§ **Activity**
The lines to repeat are those below from the one containing "(forall n, 0" down to the one containing "Ropp (fun n", both included; reproduce them exactly and nothing else.

(Working data Opens)

(* Let $\alpha\in(0,1)$ and for $\rho\ge0$ and real $\chi\notin\pi\mathbb{Z}$ let $$I_\alpha(\rho,\chi)=\int_{-\infty}^{+\infty}dy\,e^{i\rho\cosh y}\,\frac{e^{-y\alpha}}{1-e^{-2y-2i\chi}} .$$ Then there is a constant $C$ such that $|I_\alpha(\rho,\chi)|\le C$, and for every $0\le\epsilon<\min(\alpha,1-\alpha)$ there is a constant $C(\epsilon)$ such that $$|I_\alpha(\rho,\chi)-I_\alpha(0,\chi)|\le C(\epsilon)\,\rho^{\epsilon},$$ both estimates holding uniformly in $\rho$ and $\chi$. *)

From Stdlib Require Import Reals.
From Coquelicot Require Import Coquelicot.
Open Scope R_scope.

Definition cexp (z : C) : C :=
  (exp (Re z) * cos (Im z), exp (Re z) * sin (Im z)).

Definition I_integrand (alpha rho chi : R) (y : R) : C :=
  Cmult (cexp (0, rho * cosh y))
        (Cdiv (RtoC (exp (- (y * alpha))))
              (Cminus (RtoC 1) (cexp (- (2 * y), - (2 * chi))))).

Definition I_alpha (alpha rho chi : R) : C :=
  @RInt_gen C_R_CompleteNormedModule (I_integrand alpha rho chi)
           (Rbar_locally m_infty) (Rbar_locally p_infty).

From Stdlib Require Import Reals Lra Psatz.
From Coquelicot Require Import Coquelicot.
Open Scope R_scope.

(* Write the integrand as e^{i rho cosh y} K(y) with K(y) = e^{-alpha y} / (1 - e^{-2y-2i chi}).
   The improper integral exists because |K(y)| <= 2 e^{-alpha |y|} for |y| >= 1, and since cosh
   is even it is the limit of the integrals over [0, n] of e^{i rho cosh y} (K(y) + K(-y)).
   In this sum the near-poles of K(y) and K(-y) at y = 0 cancel: with Q = sinh^2 y + sin^2 chi,
     |K(y) + K(-y)| <= e^{-alpha y} + 2 |sin chi| cosh (alpha y) / Q,
   and |sin chi| cosh y / Q is the derivative of atan (sinh y / |sin chi|), whose increase on
   [0, oo) is at most pi/2 whatever chi is.  For the difference, |e^{i t} - 1| <= 2 t^eps and
   cosh y <= e^y cost a factor rho^eps e^{eps y}, which the same majorant absorbs as long as
   eps < alpha and alpha + eps <= 1. *)

Lemma exp_le_compat (x y : R) : x <= y -> exp x <= exp y.
Proof. intros [Hlt | ->]; [left; apply exp_increasing, Hlt | right; reflexivity]. Qed.

Lemma exp_mul_exp_opp (x : R) : exp x * exp (- x) = 1.
Proof. rewrite <- exp_plus, Rplus_opp_r. apply exp_0. Qed.

Lemma exp_tail_small (c a eps : R) : 0 < a -> 0 < eps ->
  exists A, 1 <= A /\ c * exp (- (a * A)) < eps.
Proof.
intros Ha Heps.
set (A := Rmax 1 (Rabs c / (a * eps))).
exists A. split; [apply Rmax_l |].
assert (HA : 1 <= A) by apply Rmax_l.
assert (HcA : Rabs c <= A * (a * eps)) by (apply Rle_div_l; [nra | apply Rmax_r]).
assert (HE : a * A < exp (a * A)) by (pose proof (exp_ineq1 (a * A) ltac:(nra)); lra).
rewrite exp_Ropp. apply (Rmult_lt_reg_r (exp (a * A))); [apply exp_pos |].
rewrite Rmult_assoc, Rinv_l, Rmult_1_r by (pose proof (exp_pos (a * A)); lra).
pose proof (Rle_abs c). nra.
Qed.

Lemma cosh_opp (x : R) : cosh (- x) = cosh x.
Proof. unfold cosh. rewrite Ropp_involutive. field. Qed.

Lemma cosh_ge_1 (x : R) : 1 <= cosh x.
Proof.
unfold cosh. pose proof (exp_mul_exp_opp x) as Hinv.
pose proof (Rmult_le_pos _ _ (pow2_ge_0 (exp x - 1)) (Rlt_le _ _ (exp_pos (- x)))) as Hsq.
replace ((exp x - 1) ^ 2 * exp (- x)) with (exp x - 2 + exp (- x)) in Hsq
  by (transitivity (exp x * (exp x * exp (- x)) - 2 * (exp x * exp (- x)) + exp (- x));
      [rewrite Hinv; ring | ring]).
lra.
Qed.

Lemma cosh_sub_cosh_bounds (alpha y : R) : 0 <= alpha <= 1 -> 0 <= y ->
  0 <= cosh ((2 - alpha) * y) - cosh (alpha * y) <= 2 * exp (- (alpha * y)) * sinh y ^ 2.
Proof.
intros Ha Hy.
assert (HE : 1 <= exp y) by (rewrite <- exp_0; apply exp_le_compat; lra).
assert (Ha1 : 1 <= exp (alpha * y)) by (rewrite <- exp_0; apply exp_le_compat; nra).
assert (HaE : exp (alpha * y) <= exp y) by (apply exp_le_compat; nra).
unfold cosh, sinh.
replace ((2 - alpha) * y) with (y + y + - (alpha * y)) by ring.
replace (- (y + y + - (alpha * y))) with (alpha * y + - y + - y) by ring.
rewrite !exp_plus, !exp_Ropp.
set (E := exp y) in *. set (a := exp (alpha * y)) in *.
assert (Hlow : (E * E * / a + a * / E * / E) / 2 - (a + / a) / 2
               = (E * E - a * a) * (E * E - 1) / (2 * a * (E * E))) by (field; lra).
assert (Hup : 2 * / a * ((E - / E) / 2) ^ 2 - ((E * E * / a + a * / E * / E) / 2 - (a + / a) / 2)
               = (a * a - 1) * (E * E - 1) / (2 * a * (E * E))) by (field; lra).
assert (Hden : 0 < 2 * a * (E * E)) by nra.
assert (HE2 : 0 <= E * E - 1) by nra.
split.
- rewrite Hlow. apply Rdiv_le_0_compat; [apply Rmult_le_pos; nra | exact Hden].
- assert (Hgap : 0 <= (a * a - 1) * (E * E - 1) / (2 * a * (E * E)))
    by (apply Rdiv_le_0_compat; [apply Rmult_le_pos; nra | exact Hden]).
  lra.
Qed.

Lemma exp_mul_cosh_le (alpha eps y : R) : 0 <= alpha -> 0 <= eps -> alpha + eps <= 1 -> 0 <= y ->
  exp (eps * y) * cosh (alpha * y) <= 2 * cosh y.
Proof.
intros Ha He Hae Hy. unfold cosh.
rewrite Rmult_div_assoc, Rmult_plus_distr_l, <- !exp_plus.
assert (exp (eps * y + alpha * y) <= exp y) by (apply exp_le_compat; nra).
assert (exp (eps * y + - (alpha * y)) <= exp y) by (apply exp_le_compat; nra).
pose proof (exp_pos (- y)). lra.
Qed.

Lemma Rabs_sin_le (x : R) : Rabs (sin x) <= Rabs x.
Proof.
assert (Hpos : forall z, 0 <= z -> Rabs (sin z) <= z).
{ intros z [Hz | <-]; [| rewrite sin_0, Rabs_R0; lra].
  pose proof (sin_lt_x z Hz). apply Rabs_le. split; [| lra].
  destruct (Rle_lt_dec z 1).
  - assert (0 <= sin z) by (apply sin_ge_0; pose proof PI2_1; lra). lra.
  - pose proof (SIN_bound z). lra. }
destruct (Rle_lt_dec 0 x).
- rewrite (Rabs_right x) by lra. auto.
- rewrite <- (Ropp_involutive x), sin_neg, !Rabs_Ropp, (Rabs_left x) by lra. apply Hpos. lra.
Qed.

Lemma Cmod_le_Rabs_re_im (z : C) : Cmod z <= Rabs (Re z) + Rabs (Im z).
Proof.
destruct z as [x y]. unfold Cmod, Re, Im; simpl.
rewrite <- (sqrt_Rsqr (Rabs x + Rabs y)) by (pose proof (Rabs_pos x); pose proof (Rabs_pos y); lra).
apply sqrt_le_1_alt. unfold Rsqr.
pose proof (Rsqr_abs x) as Hx. pose proof (Rsqr_abs y) as Hy. unfold Rsqr in Hx, Hy.
pose proof (Rabs_pos x). pose proof (Rabs_pos y). nra.
Qed.

Lemma Cmod_sub_ge (z w : C) : Rabs (Cmod z - Cmod w) <= Cmod (Cminus z w).
Proof. rewrite !Cmod_norm. apply (norm_triangle_inv (V := C_R_NormedModule)). Qed.

Lemma Cdiv_eq_of_Cmult (x z t : C) : z <> RtoC 0 -> Cmult z t = x -> Cdiv x z = t.
Proof. intros Hz <-. field. exact Hz. Qed.

Lemma Cmod_cexp (z : C) : Cmod (cexp z) = exp (Re z).
Proof.
unfold cexp, Cmod; simpl.
replace (exp (Re z) * cos (Im z) * (exp (Re z) * cos (Im z) * 1) +
         exp (Re z) * sin (Im z) * (exp (Re z) * sin (Im z) * 1))
  with (Rsqr (exp (Re z)) * (Rsqr (sin (Im z)) + Rsqr (cos (Im z)))) by (unfold Rsqr; ring).
rewrite sin2_cos2, Rmult_1_r. apply sqrt_Rsqr. left; apply exp_pos.
Qed.

Lemma Cmod_cexp_sub_1 (t : R) : Cmod (Cminus (cexp (0, t)) (RtoC 1)) = 2 * Rabs (sin (t / 2)).
Proof.
unfold cexp, Cminus, Cmod, RtoC, Cplus, Copp; simpl. rewrite exp_0.
assert (Hcos : cos t = 1 - 2 * sin (t / 2) * sin (t / 2))
  by (rewrite <- cos_2a_sin; f_equal; field).
assert (Hsin : sin t = 2 * sin (t / 2) * cos (t / 2)) by (rewrite <- sin_2a; f_equal; field).
pose proof (sin2_cos2 (t / 2)) as Hsc. unfold Rsqr in Hsc.
set (s := sin (t / 2)) in *. set (c := cos (t / 2)) in *.
rewrite Hcos, Hsin, <- (sqrt_Rsqr (2 * Rabs s)) by (pose proof (Rabs_pos s); lra).
f_equal. pose proof (Rsqr_abs s) as Hs. unfold Rsqr in *.
transitivity (4 * (s * s) * (s * s + c * c)); [ring | rewrite Hsc, Hs; ring].
Qed.

Lemma Cmod_cexp_sub_1_le_Rpower (t eps : R) : 0 < t -> 0 <= eps <= 1 ->
  Cmod (Cminus (cexp (0, t)) (RtoC 1)) <= 2 * Rpower t eps.
Proof.
intros Ht Heps. rewrite Cmod_cexp_sub_1.
destruct (Rle_lt_dec 1 t).
- assert (1 <= Rpower t eps) by (rewrite <- (Rpower_O t) by lra; apply Rle_Rpower; lra).
  pose proof (SIN_bound (t / 2)). assert (Rabs (sin (t / 2)) <= 1) by (apply Rabs_le; lra). lra.
- assert (Rabs (sin (t / 2)) <= t / 2)
    by (rewrite <- (Rabs_right (t / 2)) at 2 by lra; apply Rabs_sin_le).
  assert (t <= Rpower t eps).
  { rewrite <- (Rpower_1 t) at 1 by lra. unfold Rpower. apply exp_le_compat.
    assert (ln t < 0) by (rewrite <- ln_1; apply ln_increasing; lra). nra. }
  lra.
Qed.

Lemma closed_filterlimi {T : Type} {U : UniformSpace} {F : (T -> Prop) -> Prop}
  {FF : ProperFilter F} (g : T -> U -> Prop) (D : U -> Prop) (y : U) :
  filterlimi g F (locally y) -> F (fun x => forall z, g x z -> D z) -> closed D -> D y.
Proof.
intros Hlim HD Hclosed. apply Hclosed. intros Hnot.
assert (Hout : F (fun x => exists z, g x z /\ ~ D z)) by exact (Hlim _ Hnot).
destruct (filter_ex _ (filter_and _ _ Hout HD)) as [x [[z [Hz HnD]] Hall]].
exact (HnD (Hall z Hz)).
Qed.

Section ImproperIntegral.

Context {V : CompleteNormedModule R_AbsRing}.

Lemma is_RInt_symmetrize (f : R -> V) (n : R) (l : V) : 0 <= n ->
  is_RInt f (- n) n l -> is_RInt (fun y => plus (f y) (f (- y))) 0 n l.
Proof.
intros Hn Hl.
assert (Hex : ex_RInt f (- n) n) by (exists l; exact Hl).
assert (Hneg : is_RInt (fun y => f (- y)) 0 n (RInt f (- n) 0)).
{ assert (H : is_RInt f (- n) (- 0) (RInt f (- n) 0)).
  { rewrite Ropp_0. apply RInt_correct, (ex_RInt_Chasles_1 _ _ _ n); [lra | exact Hex]. }
  apply is_RInt_comp_opp, is_RInt_swap, is_RInt_opp in H. rewrite opp_opp in H.
  eapply is_RInt_ext; [|exact H]. intros; apply opp_opp. }
replace l with (plus (RInt f 0 n) (RInt f (- n) 0)).
- apply (is_RInt_plus f (fun y => f (- y))); [|exact Hneg].
  apply RInt_correct, (ex_RInt_Chasles_2 _ (- n)); [lra | exact Hex].
- rewrite plus_comm, RInt_Chasles.
  + apply is_RInt_unique, Hl.
  + apply (ex_RInt_Chasles_1 _ _ _ n); [lra | exact Hex].
  + apply (ex_RInt_Chasles_2 _ (- n)); [lra | exact Hex].
Qed.

Lemma norm_is_RInt_gen_le_sym (f : R -> V) (g : R -> R) (l : V) (B : R) :
  is_RInt_gen f (Rbar_locally m_infty) (Rbar_locally p_infty) l ->
  (forall y, 0 <= y -> norm (plus (f y) (f (- y))) <= g y) ->
  (forall n, 0 <= n -> exists2 Ig, is_RInt g 0 n Ig & Ig <= B) ->
  norm l <= B.
Proof.
intros Hl Hfg HgB.
apply (closed_filterlimi (F := Rbar_locally p_infty) (fun n => is_RInt f (- n) n)
         (fun z => norm z <= B) l).
- apply (filterlimi_comp_2 (G := Rbar_locally m_infty) (H := Rbar_locally p_infty)
           Ropp (fun n => n) (fun a b => is_RInt f a b)); [| |exact Hl].
  + apply (is_lim_opp (fun n => n) p_infty p_infty), is_lim_id.
  + apply is_lim_id.
- exists 0. intros n Hn z Hz.
  destruct (HgB n (Rlt_le _ _ Hn)) as [Ig HIg HIgB].
  apply Rle_trans with Ig; [|exact HIgB].
  apply (norm_RInt_le (fun y => plus (f y) (f (- y))) g 0 n);
    [lra | intros y Hy; apply Hfg; lra | apply is_RInt_symmetrize; [lra | exact Hz] | exact HIg].
- apply (closed_comp norm (fun r => r <= B)); [apply filterlim_norm | apply closed_le].
Qed.

Lemma norm_RInt_swap (f : R -> V) (u v : R) :
  ex_RInt f u v -> norm (RInt f v u) = norm (RInt f u v).
Proof. intros Hex. rewrite <- opp_RInt_swap by exact Hex. exact (norm_opp (RInt f u v)). Qed.

Lemma minus_RInt (f : R -> V) (a b a' b' : R) : (forall u v, ex_RInt f u v) ->
  minus (RInt f a' b') (RInt f a b) = plus (RInt f a' a) (RInt f b b').
Proof.
intros Hex.
rewrite <- (RInt_Chasles f a' a b'), <- (RInt_Chasles f a b b') by apply Hex.
unfold minus. rewrite (plus_comm (RInt f a b) (RInt f b b')), !plus_assoc.
rewrite <- plus_assoc. etransitivity; [apply f_equal, plus_opp_r | apply plus_zero_r].
Qed.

(Working data Closes)

§ **Reply to the exercise**
  (forall n, 0 <= n -> exists2 Ig, is_RInt g 0 n Ig & Ig <= B) ->
  norm l <= B.
Proof.
intros Hl Hfg HgB.
apply (closed_filterlimi (F := Rbar_locally p_infty) (fun n => is_RInt f (- n) n)
         (fun z => norm z <= B) l).
- apply (filterlimi_comp_2 (G := Rbar_locally m_infty) (H := Rbar_locally p_infty)
           Ropp (fun n => n) (fun a b => is_RInt f a b)); [| |exact Hl].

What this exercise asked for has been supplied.